Lustracji podlegają: prezydent, premier, ministrowie i wiceministrowie, parlamentarzyści, wyżsi urzędnicy administracji rządowej, szefowie mediów publicznych oraz sędziowie, prokuratorzy i adwokaci. Ich materiały z IPN nie są jawne dla każdego - dostęp do nich mają historycy i publicyści oraz (na mocy listopadowego wyroku Trybunału Konstytucyjnego) oni sami.
Kolejna zmiana proponowana przez LPR polegałaby na wprowadzeniu jawności teczek członków partii politycznych, za ich zgodą. Jak zaznaczył Giertych, dotyczyłoby to przynajmniej członków zarządów partii.

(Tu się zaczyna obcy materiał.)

Lemma laplacian_mxE (w : 'I_m -> R) : L w = B^T *m diag_mx (\row_k w k) *m B.
Proof.
apply/matrixP => i j; rewrite mul_mx_diag !mxE.
have -> : (if i == j then \sum_(k | (ei k == i) || (ej k == i)) w k else 0)
    = \sum_k (if i == j then (if (ei k == i) || (ej k == i) then w k else 0) else 0).
  by case: (i == j); [rewrite big_mkcond | rewrite big1].
rewrite [X in _ - X]big_mkcond -sumrB; apply: eq_bigr => k _; rewrite !mxE.
rewrite ![ei k == _]eq_sym ![ej k == _]eq_sym.
move: (no_loop k); move: (ei k) (ej k) => a b /negbTE ab.
have [<-|ij] := eqVneq i j.
  case: (eqVneq i a) => [ia|_]; case: (eqVneq i b) => [ib|_] /=; try ring.
case: (eqVneq i a) => [ia|_]; case: (eqVneq i b) => [ib|_];
  case: (eqVneq j a) => [ja|_]; case: (eqVneq j b) => [jb|_] /=; try ring.
all: by subst; rewrite eqxx in ab ij.
Qed.

Lemma laplacian_mx_tr (w : 'I_m -> R) : (L w)^T = L w.
Proof. by rewrite laplacian_mxE !trmx_mul trmxK tr_diag_mx mulmxA. Qed.

Lemma laplacian_mxB (w1 w2 : 'I_m -> R) :
  L w1 - L w2 = B^T *m diag_mx (\row_k (w1 k - w2 k)) *m B.
Proof.
have -> : \row_k (w1 k - w2 k) = \row_k w1 k - \row_k w2 k.
  by apply/rowP => k; rewrite !mxE.
by rewrite !laplacian_mxE [diag_mx (_ - _)]linearB /= mulmxBr mulmxBl.
Qed.

Local Notation K := (row_base (kermx B^T)).
Local Notation P := (orthoproj K).

Lemma incidence_kerproj : B *m P = 0.
Proof.
apply: mulmx_orthoproj_eq0; apply: trmx_inj; rewrite trmx_mul trmxK trmx0.
by apply/sub_kermxP; rewrite eq_row_base.
Qed.

Lemma laplacian_kerproj (w : 'I_m -> R) : L w *m P = 0.
Proof. by rewrite laplacian_mxE -mulmxA incidence_kerproj mulmx0. Qed.

Lemma kerproj_laplacian (w : 'I_m -> R) : P *m L w = 0.
Proof.
by rewrite -[P]orthoproj_tr -[L w]laplacian_mx_tr -trmx_mul laplacian_kerproj trmx0.
Qed.

Lemma laplacian_quad_form (w : 'I_m -> R) (y z : 'cV[R]_n) :
  (y^T *m L w *m z) 0 0 = \sum_k (B *m y) k 0 * w k * (B *m z) k 0.
Proof.
by rewrite laplacian_mxE form_trmx_diag; under eq_bigr do rewrite [X in _ * X * _]mxE.
Qed.

Lemma laplacian_add_kerproj_unit (w : 'I_m -> R) :
  (forall k, 0 < w k) -> L w + P \in unitmx.
Proof.
move=> w_gt0; rewrite -row_free_unit; apply: inj_row_free => u uLP0.
have uP0 : u *m P = 0.
  have : u *m (L w + P) *m P = 0 by rewrite uLP0 mul0mx.
  by rewrite -mulmxA mulmxDl laplacian_kerproj orthoproj_idem ?row_base_free ?add0r.
have uL0 : u *m L w = 0 by move: uLP0; rewrite mulmxDr uP0 addr0.
have Bu0 : B *m u^T = 0.
  have : (u^T^T *m L w *m u^T) 0 0 = 0 by rewrite trmxK uL0 mul0mx mxE.
  rewrite laplacian_quad_form => /eqP; rewrite psumr_eq0 => [/allP Bu0|k _].
    apply/colP => k; rewrite [RHS]mxE.
    move/implyP: (Bu0 k (mem_index_enum _)) => /(_ isT).
    by rewrite mulrC mulrA -expr2 mulf_eq0 sqrf_eq0 (gt_eqF (w_gt0 k)) orbF => /eqP.
  by rewrite mulrC mulrA -expr2 mulr_ge0 ?sqr_ge0 ?ltW.
have uK : (u <= K)%MS.
  rewrite eq_row_base; apply/sub_kermxP.
  by rewrite -[u]trmxK -trmx_mul Bu0 trmx0.
by rewrite -(orthoproj_id (row_base_free _) uK) uP0.
Qed.

Lemma MP_pinv_laplacian (w : 'I_m -> R) : (forall k, 0 < w k) ->
  MP_pinv (L w) = invmx (L w + P) - P.
Proof.
move=> w_gt0; apply/MP_pinvE/is_MP_pinv_shift.
- exact/orthoproj_idem/row_base_free.
- exact: orthoproj_tr.
- exact: laplacian_kerproj.
- exact: kerproj_laplacian.
- exact: laplacian_add_kerproj_unit.
Qed.

End Laplacian.

Section MatrixLimits.
Variables (R : realType) (T : Type) (F : set_system T).
Context {FF : Filter F}.

Lemma cvg_sumr (I : finType) (P : pred I) (f : I -> T -> R) (a : I -> R) :
  (forall i, f i @ F --> a i) ->
  (fun t => \sum_(i | P i) f i t) @ F --> \sum_(i | P i) a i.
Proof. by move=> fa; apply: cvg_big => //; exact: add_continuous. Qed.

Lemma cvg_prodr (I : finType) (P : pred I) (f : I -> T -> R) (a : I -> R) :
  (forall i, f i @ F --> a i) ->
  (fun t => \prod_(i | P i) f i t) @ F --> \prod_(i | P i) a i.
Proof. by move=> fa; apply: cvg_big => //; exact: mul_continuous. Qed.

Definition mx_cvg p q (A : T -> 'M[R]_(p, q)) (A0 : 'M[R]_(p, q)) :=
  forall i j, (fun t => A t i j) @ F --> A0 i j.

Lemma mx_cvg_cst p q (A0 : 'M[R]_(p, q)) : mx_cvg (fun _ => A0) A0.
Proof. by move=> i j; exact: cvg_cst. Qed.

Lemma mx_cvgD p q (A C : T -> 'M[R]_(p, q)) A0 C0 :
  mx_cvg A A0 -> mx_cvg C C0 -> mx_cvg (fun t => A t + C t) (A0 + C0).
Proof.
move=> AA0 CC0 i j; under eq_cvg do rewrite mxE.
by rewrite mxE; apply: cvgD; [exact: AA0 | exact: CC0].
Qed.

Lemma mx_cvgM p q r (A : T -> 'M[R]_(p, q)) (C : T -> 'M[R]_(q, r)) A0 C0 :
  mx_cvg A A0 -> mx_cvg C C0 -> mx_cvg (fun t => A t *m C t) (A0 *m C0).
Proof.
move=> AA0 CC0 i j; under eq_cvg do rewrite mxE.
by rewrite mxE; apply: cvg_sumr => k; apply: cvgM; [exact: AA0 | exact: CC0].
Qed.

Lemma cvg_det k (A : T -> 'M[R]_k) A0 :
  mx_cvg A A0 -> (fun t => \det (A t)) @ F --> \det A0.
Proof.
move=> AA0; apply: cvg_sumr => s; apply: cvgM; first exact: cvg_cst.
by apply: cvg_prodr => i; exact: AA0.
Qed.

Lemma mx_cvg_inv k (A : T -> 'M[R]_k) A0 :
  (forall t, A t \in unitmx) -> A0 \in unitmx ->
  mx_cvg A A0 -> mx_cvg (fun t => invmx (A t)) (invmx A0).
Proof.
move=> At_unit A0_unit AA0 i j.
under eq_cvg do rewrite /invmx At_unit mxE.
rewrite /invmx A0_unit mxE; apply: cvgM.
  by apply: cvgV; [rewrite -unitfE -unitmxE | exact: cvg_det].
under eq_cvg do rewrite mxE.
rewrite mxE; apply: cvgM; first exact: cvg_cst.
apply: cvg_det => a b; under eq_cvg do rewrite !mxE.
by rewrite !mxE; exact: AA0.
Qed.

End MatrixLimits.

Section ResistanceDerivative.
Variables (R : realType) (V : normedModType R) (n m : nat) (ei ej : 'I_m -> 'I_n).
Hypothesis no_loop : forall k, ei k != ej k.
Variables (w : V -> 'I_m -> R) (x v : V).
Hypothesis w_gt0 : forall y k, 0 < w y k.
Hypothesis w_derivable : forall k, derivable (w^~ k) x v.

To - przyznał - wiązałoby się ze zmianą ustawy o partiach politycznych.
Giertych wyjaśnił, że chodzi o to, by uniknąć takich sytuacji jak w przypadku LPR, że na listach do Sejmu znalazły się osoby, które zostały uznane za kłamcę lustracyjnego. "Partia ponosi za to olbrzymią odpowiedzialność publiczną, a przed wciągnięciem na listę nie ma żadnej możliwości weryfikowania informacji o danej osobie" - uzasadniał.
Według obecnych przepisów ustawy, nie ma możliwości, by partia polityczna mogła wystąpić do IPN z pytaniem, czy jakiś jej kandydat był agentem. Prawomocne wyroki o kłamstwie lustracyjnym danej osoby pełniącej funkcję publiczną są zaś publikowane w "Monitorze Polskim".
Trzecia propozycja Ligi zmiany w ustawie o IPN to rozszerzenie zadań Instytutu o "ściganie historycznych pomówień wobec Polski".
Jak dodał lider LPR, Instytut mógłby "ścigać podmioty szkalujące Polskę" poprzez np. używanie określeń "polskie obozy koncentracyjne". Podobne określenia pojawiały się w prasie zagranicznej przy okazji 60. rocznicy wyzwolenia obozu koncentracyjnego Auschwitz-Birkenau.
Dziś prokuratorzy pionu śledczego IPN ścigają zbrodnie hitlerowskie oraz komunistyczne. Ewentualnym znieważeniem narodu polskiego zajmuje się prokuratura powszechna.